___ Material for the task ___

Lemma total_popcount_le k m : m <= 2 ^ k -> 2 * total_popcount m <= k * m.
Proof.
elim: k m => [|k IH] m le_m.
  by case: m le_m => [|[|]] //; rewrite /total_popcount ?big_nil ?big_cons ?big_nil.
have [le_mk|lt_km] := leqP m (2 ^ k); first by have := IH m le_mk; lia.
have le_r : m - 2 ^ k <= 2 ^ k by move: le_m; rewrite expnS; lia.
rewrite -(subnKC (ltnW lt_km)) total_popcount_exp2D //.
have := IH _ le_r; have := total_popcount_exp2 k.
by move: le_r; set r := m - 2 ^ k; set P := 2 ^ k => le_r exp2 IHr; nia.
Qed.

Lemma excess_le (R : realFieldType) (x s k : R) :
  (0 <= s)%R -> (s <= k)%R -> (k < x)%R ->
  (1 / (x - s) - 1 / x <= s / (x * (x - k)))%R.
Proof.
move=> s_ge0 le_sk lt_kx.
have x_gt0 : (0 < x)%R by lra.
have xs_gt0 : (0 < x - s)%R by lra.
have xk_gt0 : (0 < x - k)%R by lra.
have -> : (1 / (x - s) - 1 / x = s / (x * (x - s)))%R.
  by field; rewrite !lt0r_neq0.
rewrite ler_wpM2l // lef_pV2 ?posrE ?mulr_gt0 //.
by apply: ler_wpM2l; lra.
Qed.

Lemma sum_excess_lt (R : realFieldType) (d k m : nat) :
  k < d -> (forall n, n < m -> popcount n <= k) ->
  18 * total_popcount m < d * (d - k) ->
  (\sum_(n <- iota 0 m) (1 / ((d%:R : R) - (popcount n)%:R) - 1 / d%:R) < 1 / 18)%R.
Proof.
move=> lt_kd le_k lt_total; set D := d * (d - k).
have D_gt0 : 0 < D by rewrite muln_gt0; lia.
have le_total : (\sum_(n <- iota 0 m) (1 / ((d%:R : R) - (popcount n)%:R) - 1 / d%:R)
                 <= (total_popcount m)%:R / D%:R)%R.
  rewrite /total_popcount natr_sum mulr_suml !big_seq; apply: ler_sum => n.
  rewrite mem_iota => /andP[_ lt_nm]; rewrite natrM natrB ?(ltnW lt_kd) //.
  by apply: excess_le; rewrite ?ler0n ?ler_nat ?ltr_nat ?le_k.
apply: le_lt_trans le_total _; rewrite ltr_pdivrMr ?ltr0n //.
move: lt_total; rewrite -(ltr_nat R) natrM.
by move: ((total_popcount m)%:R)%R (D%:R)%R => t u; lra.
Qed.

(* [popcount n] scans [n] bit positions and so evaluates [2 ^ n] in unary;
   seven positions suffice below [2 ^ 7]. *)
Definition total_popcount7 (m : nat) : nat := sumn (map (popcount_upto 7) (iota 0 m)).

Lemma total_popcount7E m : m <= 2 ^ 7 -> total_popcount m = total_popcount7 m.
Proof.
move=> le_m; rewrite /total_popcount /total_popcount7 sumnE big_map.
apply: eq_big_seq => n; rewrite mem_iota => /andP[_ lt_n]; apply: popcountE.
exact: leq_trans lt_n le_m.
Qed.

Lemma total_popcount_mid_range :
  all (fun d => 18 * total_popcount7 d.-1 < d * (d - up_log 2 d.-1)) (iota 54 76).
Proof. by vm_compute. Qed.

Lemma ltn_mul10_exp2 e : 7 <= e -> 10 * e.+1 < 2 ^ e.
Proof.
move=> le7e; rewrite -(subnKC le7e); elim: (e - 7) => // j IH.
by rewrite addnS expnS; lia.
Qed.

Lemma sum_excess_small d : 50 <= d <= 53 ->
  (\sum_(n <- iota 0 d.-1) (1 / ((d%:R : rat) - (popcount n)%:R) - 1 / d%:R) < 1 / 18)%R.
Proof.
move=> /andP[le50d led53].
rewrite (eq_big_seq (fun n => (1 / ((d - popcount_upto 6 n)%:R : rat) - 1 / d%:R)%R)); last first.
  move=> n; rewrite mem_iota => /andP[_ lt_n].
  rewrite (@popcountE 6) ?natrB //; last by apply: leq_trans lt_n _; lia.
  by apply: leq_trans (popcount_upto_le _ _) _; lia.
rewrite -(big_map (fun n => d - popcount_upto 6 n) xpredT (fun c => 1 / (c%:R : rat) - 1 / d%:R)%R).
have [->|[->|[->|->]]] : d = 50 \/ d = 51 \/ d = 52 \/ d = 53 by lia.
all: set s := map _ _; vm_compute in (value of s); rewrite {}/s !big_cons big_nil; lra.
Qed.

Lemma up_log_ltn d : 1 < d -> up_log 2 d.-1 < d.
Proof.
move=> lt1d; have : up_log 2 d.-1 <= d.-1 by apply: up_log_min => //; exact/ltnW/ltn_expl.
lia.
Qed.

Lemma total_popcount_bound d : 53 < d ->
  18 * total_popcount d.-1 < d * (d - up_log 2 d.-1).
Proof.
move=> lt53d; set k := up_log 2 d.-1.
have [le_d129|lt129d] := leqP d 129.
  rewrite total_popcount7E; last by lia.
  by apply: (allP total_popcount_mid_range); rewrite mem_iota; lia.
have le_dk : d.-1 <= 2 ^ k := up_logP _ (isT : 1 < 2).
have lt_exp2k : 2 ^ k.-1 < d.-1 by apply: up_log_gtn; lia.
have lt7k : 7 < k by rewrite -(@ltn_exp2l 2) //; lia.
have le7k : 7 <= k.-1 by lia.
have := total_popcount_le le_dk; have := ltn_mul10_exp2 le7k.
rewrite prednK //; last lia.
by move: lt_exp2k; set P := 2 ^ k.-1; set T := total_popcount d.-1; nia.
Qed.
(* Step [k] appends the neighbour across coordinate [(f k).2] of the
   [(f k).1]-th vertex grown so far; the value of [f] at [0] is never read. *)
Fixpoint grow (x0 : vtx n) (f : growth_code) (k : nat) : seq (vtx n) :=
  if k is k'.+1 then
    let s := grow x0 f k' in
    if insub k : option 'I_M is Some o
    then rcons s (flip_coord (nth x0 s (f o).1) (f o).2) else s
  else [:: x0].

(* Causality is what brings the number of codes down to [M`! * n ^ M]. *)
Definition causal_code (f : growth_code) := [forall o, (f o).1 <= o].

Definition grown_set (x0 : vtx n) f : {set vtx n} := [set x in grow x0 f M.-1].

Definition animals : {set {set vtx n}} :=
  [set grown_set c.1 c.2 | c in [set c : vtx n * growth_code |
     causal_code c.2 && (#|grown_set c.1 c.2| == M)]].

Definition set_code (f : growth_code) (o : 'I_M) v : growth_code :=
  [ffun o1 => if o1 == o then v else f o1].

Lemma grow_set_code (x0 : vtx n) f (o : 'I_M) v k :
  k < o -> grow x0 (set_code f o v) k = grow x0 f k.
Proof.
elim: k => [//|k IH] lt_k /=; rewrite IH ?(ltn_trans _ lt_k) //.
case: insubP => [ o1 _ oE|//]; rewrite ffunE.
by case: eqP => // oo; move: lt_k; rewrite -oE oo ltnn.
Qed.

Lemma mem_grow0 (x0 : vtx n) f k : x0 \in grow x0 f k.
Proof.
elim: k => [|k IH] /=; first exact: mem_head.
by case: insubP => [ o _ _|//]; rewrite mem_rcons inE IH orbT.
Qed.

___

• Task statement
Each line of the material should be echoed exactly.

• Exercise output
Lemma total_popcount_le k m : m <= 2 ^ k -> 2 * total_popcount m <= k * m.
Proof.
elim: k m => [|k IH] m le_m.
  by case: m le_m => [|[|]] //; rewrite /total_popcount ?big_nil ?big_cons ?big_nil.
have [le_mk|lt_km] := leqP m (2 ^ k); first by have := IH m le_mk; lia.
have le_r : m - 2 ^ k <= 2 ^ k by move: le_m; rewrite expnS; lia.
rewrite -(subnKC (ltnW lt_km)) total_popcount_exp2D //.
have := IH _ le_r; have := total_popcount_exp2 k.
by move: le_r; set r := m - 2 ^ k; set P := 2 ^ k => le_r exp2 IHr; nia.
Qed.

Lemma excess_le (R : realFieldType) (x s k : R) :
  (0 <= s)%R -> (s <= k)%R -> (k < x)%R ->
  (1 / (x - s) - 1 / x <= s / (x * (x - k)))%R.
Proof.
move=> s_ge0 le_sk lt_kx.
have x_gt0 : (0 < x)%R by lra.
have xs_gt0 : (0 < x - s)%R by lra.
have xk_gt0 : (0 < x - k)%R by lra.
have -> : (1 / (x - s) - 1 / x = s / (x * (x - s)))%R.
  by field; rewrite !lt0r_neq0.
rewrite ler_wpM2l // lef_pV2 ?posrE ?mulr_gt0 //.
by apply: ler_wpM2l; lra.
Qed.

Lemma sum_excess_lt (R : realFieldType) (d k m : nat) :
  k < d -> (forall n, n < m -> popcount n <= k) ->
  18 * total_popcount m < d * (d - k) ->
  (\sum_(n <- iota 0 m) (1 / ((d%:R : R) - (popcount n)%:R) - 1 / d%:R) < 1 / 18)%R.
Proof.
move=> lt_kd le_k lt_total; set D := d * (d - k).
have D_gt0 : 0 < D by rewrite muln_gt0; lia.
have le_total : (\sum_(n <- iota 0 m) (1 / ((d%:R : R) - (popcount n)%:R) - 1 / d%:R)
                 <= (total_popcount m)%:R / D%:R)%R.
  rewrite /total_popcount natr_sum mulr_suml !big_seq; apply: ler_sum => n.
  rewrite mem_iota => /andP[_ lt_nm]; rewrite natrM natrB ?(ltnW lt_kd) //.
  by apply: excess_le; rewrite ?ler0n ?ler_nat ?ltr_nat ?le_k.
apply: le_lt_trans le_total _; rewrite ltr_pdivrMr ?ltr0n //.
move: lt_total; rewrite -(ltr_nat R) natrM.
by move: ((total_popcount m)%:R)%R (D%:R)%R => t u; lra.
Qed.

(* [popcount n] scans [n] bit positions and so evaluates [2 ^ n] in unary;
   seven positions suffice below [2 ^ 7]. *)
Definition total_popcount7 (m : nat) : nat := sumn (map (popcount_upto 7) (iota 0 m)).

Lemma total_popcount7E m : m <= 2 ^ 7 -> total_popcount m = total_popcount7 m.
Proof.
move=> le_m; rewrite /total_popcount /total_popcount7 sumnE big_map.
apply: eq_big_seq => n; rewrite mem_iota => /andP[_ lt_n]; apply: popcountE.
exact: leq_trans lt_n le_m.
Qed.

Lemma total_popcount_mid_range :
  all (fun d => 18 * total_popcount7 d.-1 < d * (d - up_log 2 d.-1)) (iota 54 76).
Proof. by vm_compute. Qed.

Lemma ltn_mul10_exp2 e : 7 <= e -> 10 * e.+1 < 2 ^ e.
Proof.
move=> le7e; rewrite -(subnKC le7e); elim: (e - 7) => // j IH.
by rewrite addnS expnS; lia.
Qed.

Lemma sum_excess_small d : 50 <= d <= 53 ->
  (\sum_(n <- iota 0 d.-1) (1 / ((d%:R : rat) - (popcount n)%:R) - 1 / d%:R) < 1 / 18)%R.
Proof.
move=> /andP[le50d led53].
rewrite (eq_big_seq (fun n => (1 / ((d - popcount_upto 6 n)%:R : rat) - 1 / d%:R)%R)); last first.
  move=> n; rewrite mem_iota => /andP[_ lt_n].
  rewrite (@popcountE 6) ?natrB //; last by apply: leq_trans lt_n _; lia.
  by apply: leq_trans (popcount_upto_le _ _) _; lia.
rewrite -(big_map (fun n => d - popcount_upto 6 n) xpredT (fun c => 1 / (c%:R : rat) - 1 / d%:R)%R).
have [->|[->|[->|->]]] : d = 50 \/ d = 51 \/ d = 52 \/ d = 53 by lia.
all: set s := map _ _; vm_compute in (value of s); rewrite {}/s !big_cons big_nil; lra.
Qed.

Lemma up_log_ltn d : 1 < d -> up_log 2 d.-1 < d.
Proof.
move=> lt1d; have : up_log 2 d.-1 <= d.-1 by apply: up_log_min => //; exact/ltnW/ltn_expl.
lia.
Qed.

Lemma total_popcount_bound d : 53 < d ->
  18 * total_popcount d.-1 < d * (d - up_log 2 d.-1).
Proof.
move=> lt53d; set k := up_log 2 d.-1.
have [le_d129|lt129d] := leqP d 129.
  rewrite total_popcount7E; last by lia.
  by apply: (allP total_popcount_mid_range); rewrite mem_iota; lia.
have le_dk : d.-1 <= 2 ^ k := up_logP _ (isT : 1 < 2).
have lt_exp2k : 2 ^ k.-1 < d.-1 by apply: up_log_gtn; lia.
have lt7k : 7 < k by rewrite -(@ltn_exp2l 2) //; lia.
have le7k : 7 <= k.-1 by lia.
have := total_popcount_le le_dk; have := ltn_mul10_exp2 le7k.
rewrite prednK //; last lia.
by move: lt_exp2k; set P := 2 ^ k.-1; set T := total_popcount d.-1; nia.
Qed.
(* Step [k] appends the neighbour across coordinate [(f k).2] of the
   [(f k).1]-th vertex grown so far; the value of [f] at [0] is never read. *)
Fixpoint grow (x0 : vtx n) (f : growth_code) (k : nat) : seq (vtx n) :=
  if k is k'.+1 then
    let s := grow x0 f k' in
    if insub k : option 'I_M is Some o
    then rcons s (flip_coord (nth x0 s (f o).1) (f o).2) else s
  else [:: x0].

(* Causality is what brings the number of codes down to [M`! * n ^ M]. *)
Definition causal_code (f : growth_code) := [forall o, (f o).1 <= o].

Definition grown_set (x0 : vtx n) f : {set vtx n} := [set x in grow x0 f M.-1].

Definition animals : {set {set vtx n}} :=
  [set grown_set c.1 c.2 | c in [set c : vtx n * growth_code |
     causal_code c.2 && (#|grown_set c.1 c.2| == M)]].

Definition set_code (f : growth_code) (o : 'I_M) v : growth_code :=
  [ffun o1 => if o1 == o then v else f o1].

Lemma grow_set_code (x0 : vtx n) f (o : 'I_M) v k :
  k < o -> grow x0 (set_code f o v) k = grow x0 f k.
Proof.
elim: k => [//|k IH] lt_k /=; rewrite IH ?(ltn_trans _ lt_k) //.
case: insubP => [ o1 _ oE|//]; rewrite ffunE.
by case: eqP => // oo; move: lt_k; rewrite -oE oo ltnn.
Qed.

Lemma mem_grow0 (x0 : vtx n) f k : x0 \in grow x0 f k.
Proof.
elim: k => [|k IH] /=; first exact: mem_head.
by case: insubP => [ o _ _|//]; rewrite mem_rcons inE IH orbT.
Qed.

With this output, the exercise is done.